> [What you need to do] Read the records below and copy each line that contains "eqpair".

> [Given data]

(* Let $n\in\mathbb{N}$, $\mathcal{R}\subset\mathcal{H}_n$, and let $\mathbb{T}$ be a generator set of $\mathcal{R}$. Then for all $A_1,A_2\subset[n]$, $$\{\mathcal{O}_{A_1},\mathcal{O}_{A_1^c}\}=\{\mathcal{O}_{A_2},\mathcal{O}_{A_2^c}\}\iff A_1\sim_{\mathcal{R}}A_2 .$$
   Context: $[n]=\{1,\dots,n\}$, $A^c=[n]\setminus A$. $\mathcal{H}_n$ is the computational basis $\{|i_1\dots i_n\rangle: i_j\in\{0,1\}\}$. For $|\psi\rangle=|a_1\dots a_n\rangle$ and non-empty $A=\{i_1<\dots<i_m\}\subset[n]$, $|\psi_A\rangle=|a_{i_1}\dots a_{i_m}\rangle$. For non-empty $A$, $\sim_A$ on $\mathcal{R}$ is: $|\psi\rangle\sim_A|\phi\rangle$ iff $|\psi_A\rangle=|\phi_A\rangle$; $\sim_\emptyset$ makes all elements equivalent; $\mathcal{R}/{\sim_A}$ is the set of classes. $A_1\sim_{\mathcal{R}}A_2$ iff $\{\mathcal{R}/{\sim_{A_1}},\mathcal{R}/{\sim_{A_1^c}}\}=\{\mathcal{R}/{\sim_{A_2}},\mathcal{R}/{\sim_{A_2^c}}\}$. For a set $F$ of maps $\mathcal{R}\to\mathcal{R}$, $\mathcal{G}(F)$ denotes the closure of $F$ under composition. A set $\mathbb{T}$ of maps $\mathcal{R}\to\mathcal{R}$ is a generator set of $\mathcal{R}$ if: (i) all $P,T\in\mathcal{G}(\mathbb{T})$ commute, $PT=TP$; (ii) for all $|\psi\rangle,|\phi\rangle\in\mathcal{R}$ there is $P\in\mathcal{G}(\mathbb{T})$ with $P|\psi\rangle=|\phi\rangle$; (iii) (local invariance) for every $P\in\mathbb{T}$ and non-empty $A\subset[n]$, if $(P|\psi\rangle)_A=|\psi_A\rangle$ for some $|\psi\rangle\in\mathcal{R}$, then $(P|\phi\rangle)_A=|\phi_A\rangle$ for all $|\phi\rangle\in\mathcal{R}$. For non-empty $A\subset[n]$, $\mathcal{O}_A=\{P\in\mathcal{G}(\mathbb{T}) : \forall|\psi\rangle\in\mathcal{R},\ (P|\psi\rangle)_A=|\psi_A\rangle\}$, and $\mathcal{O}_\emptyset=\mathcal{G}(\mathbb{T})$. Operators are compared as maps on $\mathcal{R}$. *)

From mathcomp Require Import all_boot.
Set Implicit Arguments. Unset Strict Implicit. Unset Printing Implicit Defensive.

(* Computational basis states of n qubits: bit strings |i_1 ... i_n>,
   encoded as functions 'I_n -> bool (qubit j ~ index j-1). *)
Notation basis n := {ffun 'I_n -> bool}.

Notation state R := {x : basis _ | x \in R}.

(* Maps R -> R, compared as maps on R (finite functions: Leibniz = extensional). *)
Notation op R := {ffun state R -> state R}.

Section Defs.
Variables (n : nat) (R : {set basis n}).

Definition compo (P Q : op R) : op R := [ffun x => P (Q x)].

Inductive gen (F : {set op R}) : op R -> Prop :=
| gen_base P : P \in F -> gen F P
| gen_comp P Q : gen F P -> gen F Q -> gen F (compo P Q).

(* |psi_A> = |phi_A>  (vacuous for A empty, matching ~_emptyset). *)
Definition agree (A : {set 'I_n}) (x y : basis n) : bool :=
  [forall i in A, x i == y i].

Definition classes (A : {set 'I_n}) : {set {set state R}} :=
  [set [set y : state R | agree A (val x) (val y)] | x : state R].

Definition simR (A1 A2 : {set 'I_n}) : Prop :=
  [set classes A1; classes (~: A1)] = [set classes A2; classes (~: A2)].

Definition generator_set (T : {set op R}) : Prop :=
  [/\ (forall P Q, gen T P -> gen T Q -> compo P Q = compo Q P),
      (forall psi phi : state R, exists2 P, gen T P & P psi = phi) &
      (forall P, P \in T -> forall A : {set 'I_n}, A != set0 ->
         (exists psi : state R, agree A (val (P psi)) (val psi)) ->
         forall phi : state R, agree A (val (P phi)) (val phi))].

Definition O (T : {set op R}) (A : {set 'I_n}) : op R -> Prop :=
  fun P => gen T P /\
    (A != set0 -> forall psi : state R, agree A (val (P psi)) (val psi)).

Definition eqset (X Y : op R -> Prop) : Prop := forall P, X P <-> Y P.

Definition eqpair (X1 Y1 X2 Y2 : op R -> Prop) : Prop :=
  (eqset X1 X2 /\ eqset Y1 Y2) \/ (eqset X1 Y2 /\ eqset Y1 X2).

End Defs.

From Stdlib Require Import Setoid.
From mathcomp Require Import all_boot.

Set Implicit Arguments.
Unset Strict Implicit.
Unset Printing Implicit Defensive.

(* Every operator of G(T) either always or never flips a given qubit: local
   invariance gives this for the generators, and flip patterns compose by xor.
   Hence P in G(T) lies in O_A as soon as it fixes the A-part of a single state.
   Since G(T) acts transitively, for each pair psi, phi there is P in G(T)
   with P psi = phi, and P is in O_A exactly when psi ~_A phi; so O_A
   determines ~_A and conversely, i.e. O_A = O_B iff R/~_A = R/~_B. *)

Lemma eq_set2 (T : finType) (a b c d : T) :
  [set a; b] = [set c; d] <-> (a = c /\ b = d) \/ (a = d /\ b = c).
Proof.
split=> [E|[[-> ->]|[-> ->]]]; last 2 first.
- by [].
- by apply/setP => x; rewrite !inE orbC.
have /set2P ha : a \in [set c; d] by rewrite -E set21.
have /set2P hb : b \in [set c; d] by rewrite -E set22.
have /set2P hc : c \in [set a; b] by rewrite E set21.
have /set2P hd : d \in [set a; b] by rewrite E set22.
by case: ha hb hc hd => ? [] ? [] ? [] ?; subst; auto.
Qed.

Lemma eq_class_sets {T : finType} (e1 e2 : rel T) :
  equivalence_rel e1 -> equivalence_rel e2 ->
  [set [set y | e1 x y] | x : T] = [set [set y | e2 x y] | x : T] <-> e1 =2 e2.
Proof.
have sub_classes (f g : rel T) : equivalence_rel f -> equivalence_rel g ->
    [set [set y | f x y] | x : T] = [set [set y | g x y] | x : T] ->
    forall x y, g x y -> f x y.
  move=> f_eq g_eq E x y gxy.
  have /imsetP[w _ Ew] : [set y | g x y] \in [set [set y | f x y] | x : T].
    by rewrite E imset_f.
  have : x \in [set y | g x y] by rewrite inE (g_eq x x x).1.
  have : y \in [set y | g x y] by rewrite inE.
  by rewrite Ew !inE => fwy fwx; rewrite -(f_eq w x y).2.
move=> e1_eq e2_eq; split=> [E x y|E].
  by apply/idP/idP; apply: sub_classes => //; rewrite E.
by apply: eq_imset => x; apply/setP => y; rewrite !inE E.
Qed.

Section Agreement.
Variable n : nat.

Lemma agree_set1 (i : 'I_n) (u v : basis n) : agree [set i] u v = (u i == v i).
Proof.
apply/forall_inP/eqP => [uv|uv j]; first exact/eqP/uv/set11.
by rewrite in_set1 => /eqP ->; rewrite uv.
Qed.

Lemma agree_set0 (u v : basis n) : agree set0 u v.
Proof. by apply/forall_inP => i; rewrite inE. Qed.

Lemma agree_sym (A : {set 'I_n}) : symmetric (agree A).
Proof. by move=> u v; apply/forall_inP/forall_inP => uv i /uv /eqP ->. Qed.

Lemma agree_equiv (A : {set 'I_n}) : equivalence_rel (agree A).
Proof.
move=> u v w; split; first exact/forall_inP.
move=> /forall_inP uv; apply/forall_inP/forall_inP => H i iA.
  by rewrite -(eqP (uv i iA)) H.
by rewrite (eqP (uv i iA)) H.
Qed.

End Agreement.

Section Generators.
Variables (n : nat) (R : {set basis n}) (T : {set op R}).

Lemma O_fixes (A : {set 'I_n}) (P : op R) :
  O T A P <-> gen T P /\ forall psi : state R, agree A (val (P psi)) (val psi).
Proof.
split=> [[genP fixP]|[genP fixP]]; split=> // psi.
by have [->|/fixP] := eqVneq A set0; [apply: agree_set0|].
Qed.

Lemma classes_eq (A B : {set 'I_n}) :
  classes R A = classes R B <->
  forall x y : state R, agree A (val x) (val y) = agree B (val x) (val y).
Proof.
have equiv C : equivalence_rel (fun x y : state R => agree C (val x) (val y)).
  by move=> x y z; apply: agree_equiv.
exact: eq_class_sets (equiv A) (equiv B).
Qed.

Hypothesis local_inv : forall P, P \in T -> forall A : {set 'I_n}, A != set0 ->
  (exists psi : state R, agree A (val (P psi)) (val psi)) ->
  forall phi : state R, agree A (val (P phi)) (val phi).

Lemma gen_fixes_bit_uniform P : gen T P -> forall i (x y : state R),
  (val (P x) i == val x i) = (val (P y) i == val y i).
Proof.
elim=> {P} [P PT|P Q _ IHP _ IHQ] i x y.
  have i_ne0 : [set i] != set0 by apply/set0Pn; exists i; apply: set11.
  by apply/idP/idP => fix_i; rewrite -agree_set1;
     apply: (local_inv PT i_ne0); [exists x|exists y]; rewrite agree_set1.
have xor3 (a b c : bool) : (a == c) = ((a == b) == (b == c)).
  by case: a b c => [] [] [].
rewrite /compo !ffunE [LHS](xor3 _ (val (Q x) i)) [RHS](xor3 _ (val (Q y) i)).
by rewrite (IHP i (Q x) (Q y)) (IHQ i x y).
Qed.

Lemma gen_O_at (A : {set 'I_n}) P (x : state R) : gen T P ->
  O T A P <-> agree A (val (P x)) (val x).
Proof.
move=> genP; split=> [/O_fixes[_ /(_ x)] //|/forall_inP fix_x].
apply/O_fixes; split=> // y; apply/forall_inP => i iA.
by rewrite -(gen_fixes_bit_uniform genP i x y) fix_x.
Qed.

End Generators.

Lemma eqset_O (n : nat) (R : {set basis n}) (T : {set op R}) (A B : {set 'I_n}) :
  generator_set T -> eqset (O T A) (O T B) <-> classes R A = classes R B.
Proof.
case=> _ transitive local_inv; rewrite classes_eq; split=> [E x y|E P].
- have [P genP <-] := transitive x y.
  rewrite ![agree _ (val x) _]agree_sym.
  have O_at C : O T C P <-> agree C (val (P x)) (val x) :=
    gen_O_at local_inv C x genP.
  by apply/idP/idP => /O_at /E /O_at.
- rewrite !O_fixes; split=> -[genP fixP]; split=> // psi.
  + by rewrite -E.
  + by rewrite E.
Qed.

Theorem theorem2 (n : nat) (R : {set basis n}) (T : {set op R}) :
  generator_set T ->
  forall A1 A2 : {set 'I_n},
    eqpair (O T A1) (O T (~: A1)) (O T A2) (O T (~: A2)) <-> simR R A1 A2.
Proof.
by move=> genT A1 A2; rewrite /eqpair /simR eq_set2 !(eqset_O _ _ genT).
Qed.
---
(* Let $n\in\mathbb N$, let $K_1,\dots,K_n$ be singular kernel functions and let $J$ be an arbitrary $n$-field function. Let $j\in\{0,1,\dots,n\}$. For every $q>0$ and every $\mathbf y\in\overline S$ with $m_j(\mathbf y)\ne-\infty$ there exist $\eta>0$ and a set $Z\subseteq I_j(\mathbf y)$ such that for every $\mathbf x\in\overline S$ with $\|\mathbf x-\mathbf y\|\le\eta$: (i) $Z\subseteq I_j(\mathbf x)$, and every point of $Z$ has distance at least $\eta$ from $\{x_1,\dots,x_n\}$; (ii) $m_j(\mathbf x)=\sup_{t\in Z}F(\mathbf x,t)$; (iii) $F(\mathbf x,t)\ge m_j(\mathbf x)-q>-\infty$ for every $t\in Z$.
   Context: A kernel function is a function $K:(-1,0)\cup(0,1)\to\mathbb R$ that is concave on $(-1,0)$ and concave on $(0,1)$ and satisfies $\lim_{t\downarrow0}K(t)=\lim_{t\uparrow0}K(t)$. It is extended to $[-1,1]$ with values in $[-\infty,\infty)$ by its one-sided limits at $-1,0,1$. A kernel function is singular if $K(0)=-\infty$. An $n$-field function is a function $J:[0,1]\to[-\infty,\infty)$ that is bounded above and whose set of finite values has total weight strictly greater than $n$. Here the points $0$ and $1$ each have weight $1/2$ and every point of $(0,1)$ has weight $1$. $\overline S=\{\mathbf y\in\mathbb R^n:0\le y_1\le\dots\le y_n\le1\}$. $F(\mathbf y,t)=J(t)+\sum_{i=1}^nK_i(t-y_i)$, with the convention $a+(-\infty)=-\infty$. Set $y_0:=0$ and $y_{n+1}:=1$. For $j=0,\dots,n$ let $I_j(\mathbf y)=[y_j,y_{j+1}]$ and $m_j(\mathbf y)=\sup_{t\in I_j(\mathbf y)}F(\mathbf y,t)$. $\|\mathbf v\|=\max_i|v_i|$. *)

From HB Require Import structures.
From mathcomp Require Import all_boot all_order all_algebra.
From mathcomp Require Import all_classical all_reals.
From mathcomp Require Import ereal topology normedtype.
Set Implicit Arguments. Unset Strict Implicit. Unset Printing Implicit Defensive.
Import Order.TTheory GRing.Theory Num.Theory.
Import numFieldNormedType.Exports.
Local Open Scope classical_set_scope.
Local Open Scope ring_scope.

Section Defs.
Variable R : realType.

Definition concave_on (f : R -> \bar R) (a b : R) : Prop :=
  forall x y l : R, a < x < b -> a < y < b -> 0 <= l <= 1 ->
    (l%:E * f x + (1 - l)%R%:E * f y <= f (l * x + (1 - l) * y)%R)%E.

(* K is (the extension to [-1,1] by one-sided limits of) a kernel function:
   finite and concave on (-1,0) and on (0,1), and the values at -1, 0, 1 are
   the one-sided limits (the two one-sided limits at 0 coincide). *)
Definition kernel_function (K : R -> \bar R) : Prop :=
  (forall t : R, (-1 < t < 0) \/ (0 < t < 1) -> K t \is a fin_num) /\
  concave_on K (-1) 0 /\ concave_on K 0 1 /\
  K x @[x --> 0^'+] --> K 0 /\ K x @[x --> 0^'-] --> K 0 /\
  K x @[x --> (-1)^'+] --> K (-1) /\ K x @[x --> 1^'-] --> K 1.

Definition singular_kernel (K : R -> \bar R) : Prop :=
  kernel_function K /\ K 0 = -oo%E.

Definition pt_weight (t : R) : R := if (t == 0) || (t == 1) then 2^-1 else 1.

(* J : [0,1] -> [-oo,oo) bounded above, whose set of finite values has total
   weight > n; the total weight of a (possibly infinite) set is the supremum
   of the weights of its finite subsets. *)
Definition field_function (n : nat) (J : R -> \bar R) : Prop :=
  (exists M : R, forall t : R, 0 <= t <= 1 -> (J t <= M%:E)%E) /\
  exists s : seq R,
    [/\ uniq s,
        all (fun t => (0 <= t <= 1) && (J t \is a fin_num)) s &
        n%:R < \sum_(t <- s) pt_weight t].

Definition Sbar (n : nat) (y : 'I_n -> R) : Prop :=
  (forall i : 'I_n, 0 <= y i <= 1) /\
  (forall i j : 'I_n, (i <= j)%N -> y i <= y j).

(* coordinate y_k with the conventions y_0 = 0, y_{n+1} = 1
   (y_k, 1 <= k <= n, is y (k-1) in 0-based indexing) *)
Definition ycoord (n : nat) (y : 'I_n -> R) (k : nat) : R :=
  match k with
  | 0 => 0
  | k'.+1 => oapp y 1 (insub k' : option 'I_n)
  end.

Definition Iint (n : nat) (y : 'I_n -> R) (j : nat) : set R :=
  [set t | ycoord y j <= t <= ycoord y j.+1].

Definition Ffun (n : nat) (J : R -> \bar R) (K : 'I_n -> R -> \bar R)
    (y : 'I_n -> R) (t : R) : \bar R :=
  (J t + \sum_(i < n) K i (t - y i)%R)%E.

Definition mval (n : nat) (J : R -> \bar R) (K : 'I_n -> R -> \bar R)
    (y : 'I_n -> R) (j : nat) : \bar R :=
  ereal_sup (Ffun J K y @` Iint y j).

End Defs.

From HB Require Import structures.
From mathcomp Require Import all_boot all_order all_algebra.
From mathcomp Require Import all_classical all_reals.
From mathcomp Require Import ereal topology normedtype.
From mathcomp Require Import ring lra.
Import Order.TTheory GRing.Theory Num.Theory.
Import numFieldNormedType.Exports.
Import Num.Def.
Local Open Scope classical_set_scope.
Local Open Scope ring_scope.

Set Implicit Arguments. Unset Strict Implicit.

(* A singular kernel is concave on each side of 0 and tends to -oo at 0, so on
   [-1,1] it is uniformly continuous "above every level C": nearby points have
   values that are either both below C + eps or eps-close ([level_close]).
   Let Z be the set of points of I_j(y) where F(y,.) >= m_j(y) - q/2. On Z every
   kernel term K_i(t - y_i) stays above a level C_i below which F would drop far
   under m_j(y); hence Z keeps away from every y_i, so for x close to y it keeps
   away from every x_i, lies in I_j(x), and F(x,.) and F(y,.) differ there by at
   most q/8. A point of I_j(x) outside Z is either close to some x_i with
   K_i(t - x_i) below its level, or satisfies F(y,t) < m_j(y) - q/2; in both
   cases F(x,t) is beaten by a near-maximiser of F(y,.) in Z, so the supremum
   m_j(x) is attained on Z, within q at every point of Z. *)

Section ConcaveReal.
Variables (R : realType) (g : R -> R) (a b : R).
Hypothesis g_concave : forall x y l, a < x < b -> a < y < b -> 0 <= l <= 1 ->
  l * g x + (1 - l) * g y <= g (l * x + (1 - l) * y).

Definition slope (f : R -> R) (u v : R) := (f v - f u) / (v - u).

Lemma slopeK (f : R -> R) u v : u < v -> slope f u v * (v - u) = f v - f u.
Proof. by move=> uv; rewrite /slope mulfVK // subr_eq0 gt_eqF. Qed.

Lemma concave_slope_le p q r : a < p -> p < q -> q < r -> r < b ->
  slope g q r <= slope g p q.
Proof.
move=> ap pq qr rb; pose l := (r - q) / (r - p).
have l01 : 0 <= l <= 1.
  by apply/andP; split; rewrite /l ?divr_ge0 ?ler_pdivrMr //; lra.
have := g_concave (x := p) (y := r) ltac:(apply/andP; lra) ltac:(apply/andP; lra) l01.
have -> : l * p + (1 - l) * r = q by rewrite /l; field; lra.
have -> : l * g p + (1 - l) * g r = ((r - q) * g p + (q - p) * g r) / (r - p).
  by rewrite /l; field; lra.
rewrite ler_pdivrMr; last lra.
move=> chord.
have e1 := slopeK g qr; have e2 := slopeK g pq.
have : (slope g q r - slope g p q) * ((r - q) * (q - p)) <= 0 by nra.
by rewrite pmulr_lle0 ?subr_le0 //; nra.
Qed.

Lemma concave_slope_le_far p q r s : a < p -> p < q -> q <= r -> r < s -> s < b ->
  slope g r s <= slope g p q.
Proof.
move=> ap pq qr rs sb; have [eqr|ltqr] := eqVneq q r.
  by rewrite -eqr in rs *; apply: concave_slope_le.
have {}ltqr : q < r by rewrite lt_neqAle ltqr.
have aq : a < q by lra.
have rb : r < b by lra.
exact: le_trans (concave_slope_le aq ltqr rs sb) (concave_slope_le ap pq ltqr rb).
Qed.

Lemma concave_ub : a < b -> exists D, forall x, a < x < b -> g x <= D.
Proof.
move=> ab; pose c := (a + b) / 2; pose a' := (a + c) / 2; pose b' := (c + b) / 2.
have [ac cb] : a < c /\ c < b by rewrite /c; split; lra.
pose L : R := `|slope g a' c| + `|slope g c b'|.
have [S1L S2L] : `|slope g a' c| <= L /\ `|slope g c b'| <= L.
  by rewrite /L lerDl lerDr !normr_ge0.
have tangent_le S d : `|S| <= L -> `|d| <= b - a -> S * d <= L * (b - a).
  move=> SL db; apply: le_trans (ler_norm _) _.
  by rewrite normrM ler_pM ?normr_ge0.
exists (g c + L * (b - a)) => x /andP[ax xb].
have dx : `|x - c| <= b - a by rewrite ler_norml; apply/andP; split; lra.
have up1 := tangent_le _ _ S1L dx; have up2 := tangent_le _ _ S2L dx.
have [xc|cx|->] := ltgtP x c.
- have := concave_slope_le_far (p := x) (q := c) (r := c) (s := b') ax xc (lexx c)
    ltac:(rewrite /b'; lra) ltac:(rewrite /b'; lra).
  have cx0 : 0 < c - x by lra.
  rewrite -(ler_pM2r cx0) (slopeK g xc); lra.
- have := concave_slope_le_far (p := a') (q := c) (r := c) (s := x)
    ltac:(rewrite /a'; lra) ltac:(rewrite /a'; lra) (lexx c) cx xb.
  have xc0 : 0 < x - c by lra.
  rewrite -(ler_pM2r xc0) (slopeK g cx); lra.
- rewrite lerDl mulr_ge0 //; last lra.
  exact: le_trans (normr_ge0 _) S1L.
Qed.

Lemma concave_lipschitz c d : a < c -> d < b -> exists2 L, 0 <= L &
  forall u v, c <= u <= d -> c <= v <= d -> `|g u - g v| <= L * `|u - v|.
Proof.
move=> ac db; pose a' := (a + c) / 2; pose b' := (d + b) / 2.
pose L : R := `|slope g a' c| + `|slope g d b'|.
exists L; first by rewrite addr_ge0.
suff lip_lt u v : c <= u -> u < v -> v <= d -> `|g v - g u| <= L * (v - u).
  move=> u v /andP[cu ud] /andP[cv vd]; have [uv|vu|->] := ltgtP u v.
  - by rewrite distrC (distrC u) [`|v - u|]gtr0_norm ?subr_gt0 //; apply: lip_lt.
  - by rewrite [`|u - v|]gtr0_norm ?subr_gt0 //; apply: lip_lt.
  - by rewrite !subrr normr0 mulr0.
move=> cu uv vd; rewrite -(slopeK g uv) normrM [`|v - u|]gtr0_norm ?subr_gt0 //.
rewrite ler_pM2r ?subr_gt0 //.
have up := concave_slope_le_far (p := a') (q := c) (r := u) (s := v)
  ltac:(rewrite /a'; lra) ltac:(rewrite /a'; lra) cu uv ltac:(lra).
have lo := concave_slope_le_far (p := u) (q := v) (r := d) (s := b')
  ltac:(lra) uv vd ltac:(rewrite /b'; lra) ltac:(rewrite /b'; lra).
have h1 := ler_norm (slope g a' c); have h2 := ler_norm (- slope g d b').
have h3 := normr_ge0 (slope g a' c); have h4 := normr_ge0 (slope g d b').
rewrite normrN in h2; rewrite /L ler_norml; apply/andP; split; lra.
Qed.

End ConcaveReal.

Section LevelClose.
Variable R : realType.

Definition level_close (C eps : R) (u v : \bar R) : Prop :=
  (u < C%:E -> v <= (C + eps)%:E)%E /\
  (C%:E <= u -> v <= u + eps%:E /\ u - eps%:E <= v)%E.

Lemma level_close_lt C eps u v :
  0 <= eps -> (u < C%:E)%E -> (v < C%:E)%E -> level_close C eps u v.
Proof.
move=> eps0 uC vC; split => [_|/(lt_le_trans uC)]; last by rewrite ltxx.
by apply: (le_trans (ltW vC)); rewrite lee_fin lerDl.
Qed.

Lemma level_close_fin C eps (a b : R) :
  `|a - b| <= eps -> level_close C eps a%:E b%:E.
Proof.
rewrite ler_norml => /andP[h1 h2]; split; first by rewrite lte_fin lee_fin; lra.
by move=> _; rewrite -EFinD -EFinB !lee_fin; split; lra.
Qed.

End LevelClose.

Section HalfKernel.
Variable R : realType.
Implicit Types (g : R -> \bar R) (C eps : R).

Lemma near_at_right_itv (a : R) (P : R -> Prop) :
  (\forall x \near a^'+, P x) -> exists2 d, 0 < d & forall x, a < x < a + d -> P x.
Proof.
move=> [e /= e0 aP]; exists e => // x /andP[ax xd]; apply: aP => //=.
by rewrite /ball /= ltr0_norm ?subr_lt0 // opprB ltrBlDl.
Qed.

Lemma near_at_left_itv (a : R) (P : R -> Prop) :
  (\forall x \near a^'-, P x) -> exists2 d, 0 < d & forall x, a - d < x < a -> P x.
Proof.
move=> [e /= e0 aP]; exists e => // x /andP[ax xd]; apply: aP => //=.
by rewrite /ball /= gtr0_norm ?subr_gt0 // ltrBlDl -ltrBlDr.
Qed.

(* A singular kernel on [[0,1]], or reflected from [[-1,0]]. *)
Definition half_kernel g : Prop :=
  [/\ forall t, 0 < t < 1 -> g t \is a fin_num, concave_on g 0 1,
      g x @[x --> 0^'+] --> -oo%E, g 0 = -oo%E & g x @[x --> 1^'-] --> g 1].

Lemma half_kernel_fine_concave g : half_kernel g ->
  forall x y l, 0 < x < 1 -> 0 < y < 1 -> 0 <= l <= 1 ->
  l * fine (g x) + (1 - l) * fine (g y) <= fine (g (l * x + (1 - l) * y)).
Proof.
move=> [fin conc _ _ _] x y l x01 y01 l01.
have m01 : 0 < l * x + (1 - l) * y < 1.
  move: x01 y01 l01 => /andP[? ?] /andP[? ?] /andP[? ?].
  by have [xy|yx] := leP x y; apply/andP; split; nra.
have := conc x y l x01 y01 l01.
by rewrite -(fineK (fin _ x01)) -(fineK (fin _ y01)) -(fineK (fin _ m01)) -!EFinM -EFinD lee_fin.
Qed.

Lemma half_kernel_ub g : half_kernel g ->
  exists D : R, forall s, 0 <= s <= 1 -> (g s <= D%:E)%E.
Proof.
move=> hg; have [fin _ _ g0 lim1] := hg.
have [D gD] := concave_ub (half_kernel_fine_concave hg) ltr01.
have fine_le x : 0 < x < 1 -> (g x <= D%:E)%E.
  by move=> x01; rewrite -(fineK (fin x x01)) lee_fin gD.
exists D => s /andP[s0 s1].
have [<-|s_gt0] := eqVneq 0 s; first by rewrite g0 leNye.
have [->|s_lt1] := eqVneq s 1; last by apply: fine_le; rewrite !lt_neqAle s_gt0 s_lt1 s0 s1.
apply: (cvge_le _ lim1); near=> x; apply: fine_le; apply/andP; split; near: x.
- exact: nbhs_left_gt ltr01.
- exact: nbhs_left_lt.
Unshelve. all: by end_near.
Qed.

> [Exercise answer]
Definition eqpair (X1 Y1 X2 Y2 : op R -> Prop) : Prop :=
    eqpair (O T A1) (O T (~: A1)) (O T A2) (O T (~: A2)) <-> simR R A1 A2.
by move=> genT A1 A2; rewrite /eqpair /simR eq_set2 !(eqset_O _ _ genT).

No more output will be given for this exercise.